_ENTRIES PROVIDED_:
Lemma dominated_null_on_supports (S : nat -> set T) mu A :
  (forall i, G (S i)) -> (forall i, qs i (S i) = 1) ->
  is_prob G mu -> dominated mu qs -> G A ->
  (forall i, mu (A `&` S i) = 0) -> mu A = 0.
Proof.
move=> GS qsS1 hmu dom GA null_on_S.
pose U := \bigcup_i S i.
have GAU : G (A `\` U) by apply: sa_setD => //; exact: sa_bigcup.
have GAS i : G (A `&` S i) by exact: sa_setI.
have null_off_U : mu (A `\` U) = 0.
  apply: dom => // i; apply: (prob_null_sub hG (qs_prob i) GAU (sa_setC hG (GS i))).
    by move=> x [_ nUx] Six; apply: nUx; exists i.
  by rewrite (prob_setC hG (qs_prob i) (GS i)) qsS1 subrr.
apply: (prob_null_sub hG hmu GA (sa_setU hG GAU (sa_bigcup hG GAS))).
  by move=> x Ax; have [[i _ Six]|nUx] := pselect (U x); [right; exists i | left].
have null_on_U := prob_bigcup_null hG hmu GAS null_on_S.
by rewrite (prob_setU_null hG hmu GAU (sa_bigcup hG GAS) null_on_U).
Qed.

End domination.

Section localization.
Variables (T : Type) (R : realType) (F : set (set T)) (P Q : set (set T -> R)).
Variable S : (set T -> R) -> set T.
Hypotheses (hF : sigma_algebra setT F) (P_prob : forall p, P p -> is_prob F p).
Hypothesis hloc : pre_hahn_localization F P Q S.

Lemma localization_prob q : Q q -> is_prob F q.
Proof. by case: hloc => + _ _ _ _; apply. Qed.

Lemma localization_dominated p : P p ->
  exists2 qs, (forall i, Q (qs i)) & dominated F p qs.
Proof.
move=> Pp; case: hloc => _ _ _ _ /(_ p Pp)[mu].
move=> /sconv_dominated[qs Qqs mu_qs] p_mu.
by exists qs => //; exact: dominated_abs_cont mu_qs.
Qed.

Lemma localization_null N : F N ->
  (forall p, P p -> p N = 0) <-> (forall q, Q q -> q N = 0).
Proof.
move=> FN; split=> [P_null q Qq|Q_null p /localization_dominated[qs Qqs]].
  by case: hloc => _ _ _ /(_ q Qq)[p Pp q_p] _; apply: q_p => //; exact: P_null.
by apply => // i; exact: Q_null.
Qed.

Lemma completion_fam_localization : completion_fam F P = completion_fam F Q.
Proof.
apply/seteqP; split=> A A_compl mu.
  move=> Qmu; case: hloc => _ _ _ /(_ mu Qmu)[p Pp mu_p] _.
  apply: (completion_dominated hF _ (abs_cont_dominated mu_p)) => _.
    exact: P_prob.
  exact: A_compl.
move=> /localization_dominated[qs Qqs mu_qs].
apply: (completion_dominated hF _ mu_qs) => i; first exact: localization_prob.
exact: A_compl.
Qed.

Let F_sub_GP : F `<=` completion_fam F P := sub_completion_fam hF P_prob.

Definition hahn_family :=
  [set completed_measure F q (completion_fam F P) | q in Q].

Lemma hahn_family_prob r : hahn_family r -> is_prob (completion_fam F P) r.
Proof.
move=> [q Qq <-]; apply: is_prob_completed_measure => //.
- exact: localization_prob.
- exact: (sigma_algebra_completion_fam hF P_prob).
by rewrite completion_fam_localization => A; apply.
Qed.

Lemma restr_hahn_family : restr F @` hahn_family = Q.
Proof.
apply/seteqP; split=> [_ [_ [q Qq <-] <-]|q Qq].
  by rewrite restr_completed_measure //; exact: localization_prob.
exists (completed_measure F q (completion_fam F P)); first by exists q.
by rewrite restr_completed_measure //; exact: localization_prob.
Qed.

_WORK REQUIRED_:
All that is needed is the number of lines in the listing holding the word "forall".

_OUTPUT FOR THIS TASK_:
5